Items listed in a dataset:
◇ ◇ ◇ ◇

(* Let $G$ be a 1-player timed region graph in which every region of $\mathcal R_{\mathrm{Min}}$ is choiceless. Let $\chi\in\Delta_{\mathrm{Max}}$ be regionally constant (so $G\upharpoonright\chi$ is 0-player) and let $(T^\chi,D^\chi)\models\mathrm{Opt}(G\upharpoonright\chi)$. If $\mathrm{Improve}_{\mathrm{Max}}(\chi,(T^\chi,D^\chi))=\chi$, then $(T^\chi,D^\chi)\models\mathrm{Opt}_{\mathrm{Max}}(G)$.
   Context: Fix $k\in\mathbb N$. Let $C$ be a finite set of clocks. A clock valuation is a function $\nu:C\to[0,k]$; $V$ is the set of clock valuations. For $t\ge 0$ let $(\nu+t)(c)=\nu(c)+t$; for $C'\subseteq C$ let $\mathrm{Reset}(\nu,C')(c)=0$ if $c\in C'$ and $=\nu(c)$ otherwise. Simple clock constraints are $c\bowtie i$ or $c-c'\bowtie i$ with $c,c'\in C$, $i\in\{0,\dots,k\}$, ${\bowtie}\in\{<,>,=,\le,\ge\}$. A clock region is an equivalence class of $V$ under ''satisfies the same simple clock constraints''; a clock zone is a convex union of clock regions. For a finite set $L$ of locations, a configuration is $s=(\ell,\nu)\in Q=L\times V$; write $s(c)=\nu(c)$ and $s+t=(\ell,\nu+t)$ (defined if $\nu+t\in V$). A region is $(\ell,P)$ (identified with $\{(\ell,\nu):\nu\in P\}$) for a clock region $P$; $[s]$ is the region containing $s$, $\mathcal R$ the set of regions, $\overline R$ the topological closure of $R$. A zone is a set $\{(\ell,\nu):\nu\in W_\ell\}$ with each $W_\ell$ a clock zone. A timed automaton $\mathcal T=(L,C,S,A,E,\delta,\rho,F)$ consists of finite $L$, finite $C$, a zone $S\subseteq Q$ of states, a finite set $A$ of actions, $E:A\to 2^S$ with every $E(a)$ a zone, $\delta:L\times A\to L$, $\rho:A\to 2^C$, and a zone $F\subseteq S$ of final states. For $s=(\ell,\nu)$: $s\to_t s'$ if $s'=s+t$ is defined and $s+t'\in S$ for all $t'\in[0,t]$; $s\xrightarrow{a}s'$ if $s'=(\delta(\ell,a),\mathrm{Reset}(\nu,\rho(a)))$, $s,s'\in S$ and $s\in E(a)$. For $(a,t)\in A\times\mathbb R_{\ge0}$, $\mathrm{Succ}(s,(a,t))=(\delta(\ell,a),\mathrm{Reset}(\nu+t,\rho(a)))$. A reachability-time game is $\Gamma=(\mathcal T,L_{\mathrm{Min}},L_{\mathrm{Max}})$ with $(L_{\mathrm{Min}},L_{\mathrm{Max}})$ a partition of $L$; $S_{\mathrm{Min}}$, $S_{\mathrm{Max}}$, $\mathcal R_{\mathrm{Min}}$, $\mathcal R_{\mathrm{Max}}$ are the states/regions with location in $L_{\mathrm{Min}}$ resp. $L_{\mathrm{Max}}$. Region relations: $R\to_*R'$ if there are $s\in R,s'\in R'$, $t\ge 0$ with $s\to_t s'$; $R\to_{+1}R'$ ($R'$ is the time successor of $R$) if $R\to_*R'$, $R\ne R'$, and $R\to_*R''\to_*R'$ implies $R''\in\{R,R'\}$; $R\xrightarrow aR'$ if there are $s\in R,s'\in R'$ with $s\xrightarrow a s'$. $R$ is thin if for all $s\in R$ and $\varepsilon>0$, $[s+\varepsilon]\neq[s]$. For thin $R''$, $b\in\{0,\dots,k\}$, $c\in C$: $R\to_{b,c}R''$ if $R\to_*R''$ and $s+(b-s(c))\in R''$ for all $s\in R$. Simple timed actions: $\mathcal A=A\times\{0,\dots,k\}\times C$; for $\alpha=(a,b,c)$, $t(s,\alpha)=b-s(c)$ if $s(c)\le b$ and $0$ otherwise, and $\mathrm{Succ}(s,\alpha)=\mathrm{Succ}(s,(a,t(s,\alpha)))$. For $F$ defined on $\overline{R'}$: $F^\oplus_\alpha(s)=t(s,\alpha)+F(\mathrm{Succ}(s,\alpha))$ and $F^\boxplus_\alpha(s)=1+F(\mathrm{Succ}(s,\alpha))$. Timed region graph $\widehat\Gamma=(\mathcal R,\mathcal M)$: $(R,\alpha,R')\in\mathcal M$ with $\alpha=(a,b,c)$ iff (i) $R\to_{b,c}R''\xrightarrow aR'$ for some $R''$; or (ii) $R\in\mathcal R_{\mathrm{Min}}$ and $R\to_{b,c}R''\to_{+1}R'''\xrightarrow aR'$ for some $R'',R'''$; or (iii) $R\in\mathcal R_{\mathrm{Max}}$ and $R\to_{b,c}R''$, $R'''\to_{+1}R''$, $R'''\xrightarrow aR'$ for some $R'',R'''$. (For $(R,\alpha,R')\in\mathcal M$ and $s\in R$, $\mathrm{Succ}(s,\alpha)\in\overline{R'}$.) Regional functions: maps $T$ assigning to each region $R$ a function $T(R):\overline R\to\mathbb R\cup\{\infty\}$ (resp. $D(R):\overline R\to\mathbb N\cup\{\infty\}$); $\widetilde T(s)=T([s])(s)$. $T$ is regionally simple (regionally constant) if each $T(R)$ is simple (constant), where $F:X\to\mathbb R$ is simple if $F\equiv e$ for some $e\in\mathbb Z$ or $F(s)=e-s(c)$ for some $e\in\mathbb Z$, $c\in C$. Lexicographic order: $(x,y)\le^{\mathrm{lex}}(x',y')$ iff $x<x'$, or $x=x'$ and $y\le y'$. Strategies and subgraphs: for a graph $G=(\mathcal R,\mathcal M')$, $\mathcal M'\subseteq\mathcal M$, a positional strategy for Max is a map $\chi:S_{\mathrm{Max}}\to\mathcal M'$ with $\chi(s)$ of the form $([s],\alpha,R)$; similarly $\mu:S_{\mathrm{Min}}\to\mathcal M'$ for Min; $\Delta_{\mathrm{Max}},\Delta_{\mathrm{Min}}$ are these sets. A strategy is regionally constant if $[s]=[s']$ implies equal values (write $\chi(R)$). For regionally constant $\chi$, the strategy subgraph $G\upharpoonright\chi$ keeps all moves of $G$ out of $\mathcal R_{\mathrm{Min}}$ and, out of each $R\in\mathcal R_{\mathrm{Max}}$, only $\chi(R)$; $G\upharpoonright\mu$ is analogous. A region is choiceless in $G$ if it has a unique outgoing move; $G$ is 0-player if all regions are choiceless, 1-player if all Min regions or all Max regions are choiceless. For $s\in S$ let $M^*(s,(T,D))$ (resp. $M_*(s,(T,D))$) be the set of moves $m=([s],\alpha,R')$ of $G$ at which $(T(R')^\oplus_\alpha(s),D(R')^\boxplus_\alpha(s))$ is lexicographically maximal (resp. minimal). Fix a function $\mathrm{Choose}$ selecting an element of each nonempty set of moves. $\mathrm{Improve}_{\mathrm{Max}}(\chi,(T,D))(s)=\chi(s)$ if $\chi(s)\in M^*(s,(T,D))$, and $=\mathrm{Choose}(M^*(s,(T,D)))$ otherwise. Optimality equations for a graph $G$: $(T,D)\models\mathrm{Opt}_{\mathrm{Max}}(G)$ (resp. $\mathrm{Opt}_{\mathrm{Min}}(G)$) iff $(\widetilde T(s),\widetilde D(s))=(0,0)$ for $s\in F$ and, for all $s\in S\setminus F$, $(\widetilde T(s),\widetilde D(s))=\max^{\mathrm{lex}}$ (resp. $\min^{\mathrm{lex}}$) of $\{(T(R')^\oplus_\alpha(s),D(R')^\boxplus_\alpha(s)):([s],\alpha,R')\text{ a move of }G\}$. If $G$ is 0-player these coincide and are written $\mathrm{Opt}(G)$. *)

From Stdlib Require Import Reals ClassicalEpsilon List.
Open Scope R_scope.
Set Implicit Arguments.
Unset Strict Implicit.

◇ ◇ ◇ ◇

WHAT IS REQUIRED:
Beginning with the line that has "From Stdlib Require", set down each line through the last one above, exactly, and nothing else.

THE COMPLETED TASK:
From Stdlib Require Import Reals ClassicalEpsilon List.
Open Scope R_scope.
Set Implicit Arguments.
Unset Strict Implicit.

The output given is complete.